======== Input records ========
Definition is_group_topology (O : (circle -> Prop) -> Prop) : Prop :=
  is_topology O /\ mul_continuous O /\ inv_continuous O.

From Stdlib Require Import Reals Lra Lia ZArith List Classical IndefiniteDescription.
From Coquelicot Require Import Coquelicot.
From mathcomp Require classical_sets.
Open Scope R_scope.

(* By Zorn's lemma there is a Q-linear map phi : R -> R vanishing on 2*pi*Q with
   phi (2*pi*sqrt 2) = 1; it descends to a homomorphism psi : T -> R that is unbounded on
   every neighbourhood of 1.  Declare open the sets containing, around each of their
   points x, an "upper ball" {u : psi x <= psi u, |u - x| < e}.  This refines the
   Euclidean topology, so it is functionally Hausdorff and first countable; additivity of
   psi makes multiplication continuous, while inversion reverses psi and is not.
   Unboundedness of psi near 1 makes upper balls around Euclidean-close points meet, and
   compactness of the circle then forces locally finite families of nonempty open sets to
   be finite. *)

Definition is_rational (r : R) : Prop := exists p q : Z, q <> 0%Z /\ r = IZR p / IZR q.

Lemma is_rational_IZR (m : Z) : is_rational (IZR m).
Proof. exists m, 1%Z. split; [lia | field]. Qed.

Lemma is_rational_plus r s : is_rational r -> is_rational s -> is_rational (r + s).
Proof.
  intros [p [q [Hq ->]]] [p' [q' [Hq' ->]]].
  exists (p * q' + p' * q)%Z, (q * q')%Z. split; [lia|].
  rewrite plus_IZR, !mult_IZR. field. split; apply not_0_IZR; auto.
Qed.

Lemma is_rational_mult r s : is_rational r -> is_rational s -> is_rational (r * s).
Proof.
  intros [p [q [Hq ->]]] [p' [q' [Hq' ->]]].
  exists (p * p')%Z, (q * q')%Z. split; [lia|].
  rewrite !mult_IZR. field. split; apply not_0_IZR; auto.
Qed.

Lemma is_rational_opp r : is_rational r -> is_rational (- r).
Proof.
  intros Hr. replace (- r) with (IZR (-1) * r) by (simpl; ring).
  apply is_rational_mult; [apply is_rational_IZR | exact Hr].
Qed.

Lemma is_rational_inv r : is_rational r -> is_rational (/ r).
Proof.
  intros [p [q [Hq ->]]].
  destruct (Z.eq_dec p 0) as [->|Hp].
  - exists 0%Z, 1%Z. split; [lia|]. unfold Rdiv. rewrite Rmult_0_l, Rinv_0. field.
  - exists q, p. split; auto. field. split; apply not_0_IZR; auto.
Qed.

Lemma Z_square_neq_double_square (p q : Z) : q <> 0%Z -> (p * p <> 2 * q * q)%Z.
Proof.
  enough (descent : forall n q p, (0 < q)%Z -> (Z.to_nat q < n)%nat -> (p * p <> 2 * q * q)%Z).
  { intros Hq E. apply (descent (S (Z.to_nat (Z.abs q))) (Z.abs q) (Z.abs p)); lia. }
  induction n as [|n IH]; intros q' p' Hq Hn E; [lia|].
  destruct (Z.Even_or_Odd p') as [[k ->]|[k ->]]; [|nia].
  destruct (Z.Even_or_Odd q') as [[m ->]|[m ->]]; [|nia].
  apply (IH m k); nia.
Qed.

Lemma sqrt2_irrational : ~ is_rational (sqrt 2).
Proof.
  intros [p [q [Hq E]]].
  assert (Hpq : IZR p = sqrt 2 * IZR q) by (rewrite E; field; exact (not_0_IZR _ Hq)).
  apply (Z_square_neq_double_square p q Hq), eq_IZR.
  rewrite !mult_IZR, Hpq.
  transitivity ((sqrt 2 * sqrt 2) * IZR q * IZR q); [ring | now rewrite sqrt_sqrt by lra].
Qed.

(* The graph of a Q-linear map defined on a Q-subspace of R; the last clause makes it
   single-valued. *)
Definition rational_linear_graph (G : R * R -> Prop) : Prop :=
  G (0, 0) /\
  (forall a b, G a -> G b -> G (fst a + fst b, snd a + snd b)) /\
  (forall q a, is_rational q -> G a -> G (q * fst a, q * snd a)) /\
  (forall y, G (0, y) -> y = 0).

Lemma rational_linear_graph_functional G x y y' :
  rational_linear_graph G -> G (x, y) -> G (x, y') -> y = y'.
Proof.
  intros (_ & Gadd & Gscale & G0y) Hy Hy'.
  assert (Hdiff := Gadd _ _ Hy (Gscale _ _ (is_rational_IZR (-1)) Hy')). simpl in Hdiff.
  replace (x + -1 * x) with 0 in Hdiff by ring.
  apply G0y in Hdiff. lra.
Qed.

Lemma rational_linear_graph_chain_union (F : (R * R -> Prop) -> Prop) :
  (forall X t, F X -> X t -> rational_linear_graph X) ->
  (forall X Y, F X -> F Y -> (forall t, X t -> Y t) \/ (forall t, Y t -> X t)) ->
  (exists X t, F X /\ X t) ->
  rational_linear_graph (fun t => exists2 X, F X & X t).
Proof.
  intros Hlin Hchain [X0 [t0 [FX0 X0t0]]].
  split; [|split; [|split]].
  - exists X0; [exact FX0 | apply (Hlin _ _ FX0 X0t0)].
  - intros a b [X FX Xa] [Y FY Yb].
    destruct (Hchain X Y FX FY) as [XY|YX].
    + exists Y; [exact FY | apply (Hlin _ _ FY Yb); auto].
    + exists X; [exact FX | apply (Hlin _ _ FX Xa); auto].
  - intros q a Hq [X FX Xa]. exists X; [exact FX | apply (Hlin _ _ FX Xa); auto].
  - intros y [X FX Xy]. apply (Hlin _ _ FX Xy); exact Xy.
Qed.

Lemma rational_linear_graph_adjoin G x0 :
  rational_linear_graph G -> (forall y, ~ G (x0, y)) ->
  rational_linear_graph
    (fun t => exists a q, G a /\ is_rational q /\ t = (fst a + q * x0, snd a)).
Proof.
  intros HG Hx0. pose proof HG as (G00 & Gadd & Gscale & G0y).
  split; [|split; [|split]].
  - exists (0, 0), 0. split; [exact G00|]. split; [apply (is_rational_IZR 0)|].
    simpl. f_equal. ring.
  - intros _ _ [a [q [Ga [Hq ->]]]] [b [r [Gb [Hr ->]]]].
    exists (fst a + fst b, snd a + snd b), (q + r).
    split; [auto|]. split; [apply is_rational_plus; auto|]. simpl. f_equal. ring.
  - intros s _ Hs [a [q [Ga [Hq ->]]]].
    exists (s * fst a, s * snd a), (s * q).
    split; [auto|]. split; [apply is_rational_mult; auto|]. simpl. f_equal. ring.
  - intros y [a [q [Ga [Hq E]]]]. injection E as E1 E2.
    destruct (Req_dec q 0) as [->|Hq0].
    + apply G0y. replace (0, y) with a; [exact Ga|].
      destruct a as [a1 a2]; simpl in *. f_equal; lra.
    + exfalso. apply (Hx0 (- / q * snd a)).
      replace x0 with (- / q * fst a) by (field_simplify_eq; [lra | exact Hq0]).
      apply Gscale; [apply is_rational_opp, is_rational_inv; exact Hq | exact Ga].
Qed.

Lemma exists_rational_linear_extension G0 :
  rational_linear_graph G0 ->
  exists phi : R -> R,
    (forall x y, phi (x + y) = phi x + phi y) /\
    (forall q x, is_rational q -> phi (q * x) = q * phi x) /\
    (forall x y, G0 (x, y) -> phi x = y).
Proof.
  intros HG0.
  (* Zorn_bigcup also needs the union of the empty chain to satisfy [P]. *)
  set (P := fun G : R * R -> Prop =>
    (forall t, ~ G t) \/ ((forall t, G0 t -> G t) /\ rational_linear_graph G)).
  destruct (@classical_sets.Zorn_bigcup _ P) as [A [PA Amax]].
  { intros F FP Fchain.
    destruct (classic (exists X t, F X /\ X t)) as [Hne|Hempty].
    - right. destruct Hne as (X0 & t0 & FX0 & X0t0).
      destruct (FP X0 FX0) as [Hn|[G0X0 _]]; [exfalso; exact (Hn t0 X0t0)|].
      split; [intros t Ht; exists X0; auto|].
      apply rational_linear_graph_chain_union; [| |eauto].
      + intros X t FX Xt. destruct (FP X FX) as [Hn|[_ HX]]; [exfalso; exact (Hn t Xt)|exact HX].
      + intros X Y FX FY. destruct (Fchain X Y FX FY) as [XY|YX]; [left|right]; auto.
    - left. intros t [X FX Xt]. apply Hempty. eauto. }
  assert (Hproper : forall B, (forall t, A t -> B t) -> (exists t, B t /\ ~ A t) -> ~ P B).
  { intros B AB [t [Bt nAt]]. apply Amax. split; [exact AB|]. intros BA. exact (nAt (BA t Bt)). }
  assert (HA : (forall t, G0 t -> A t) /\ rational_linear_graph A).
  { destruct PA as [Aempty|HA]; [exfalso|exact HA].
    apply (Hproper G0); [intros t At; destruct (Aempty t At)| |right; auto].
    exists (0, 0). split; [apply HG0 | apply Aempty]. }
  destruct HA as [G0A HA].
  assert (Atotal : forall x, exists y, A (x, y)).
  { intros x0. apply NNPP. intros Hx0.
    assert (Hx0' : forall y, ~ A (x0, y)) by (intros y Hy; apply Hx0; eauto).
    apply (Hproper (fun t => exists a q, A a /\ is_rational q /\ t = (fst a + q * x0, snd a))).
    - intros t At. exists t, 0. split; [exact At|]. split; [apply (is_rational_IZR 0)|].
      destruct t; simpl; f_equal; ring.
    - exists (x0, 0). split; [|apply Hx0'].
      exists (0, 0), 1. split; [apply HA|]. split; [apply (is_rational_IZR 1)|].
      simpl; f_equal; ring.
    - right. split; [intros t G0t; exists t, 0|apply rational_linear_graph_adjoin; auto].
      split; [auto|]. split; [apply (is_rational_IZR 0)|]. destruct t; simpl; f_equal; ring. }
  destruct (functional_choice _ Atotal) as [phi Aphi].
  pose proof HA as (_ & Aadd & Ascale & _).
  exists phi. split; [|split].
  - intros x y. apply (rational_linear_graph_functional A (x + y)); [exact HA|apply Aphi|].
    exact (Aadd _ _ (Aphi x) (Aphi y)).
  - intros q x Hq. apply (rational_linear_graph_functional A (q * x)); [exact HA|apply Aphi|].
    exact (Ascale _ _ Hq (Aphi x)).
  - intros x y G0xy. apply (rational_linear_graph_functional A x); auto.
Qed.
========
Your task -> What you return should be the lines from the start of the data through the line with "phi (2*pi*sqrt 2)", quoted exactly and nothing more.

Response below ->
Definition is_group_topology (O : (circle -> Prop) -> Prop) : Prop :=
  is_topology O /\ mul_continuous O /\ inv_continuous O.

From Stdlib Require Import Reals Lra Lia ZArith List Classical IndefiniteDescription.
From Coquelicot Require Import Coquelicot.
From mathcomp Require classical_sets.
Open Scope R_scope.

(* By Zorn's lemma there is a Q-linear map phi : R -> R vanishing on 2*pi*Q with
   phi (2*pi*sqrt 2) = 1; it descends to a homomorphism psi : T -> R that is unbounded on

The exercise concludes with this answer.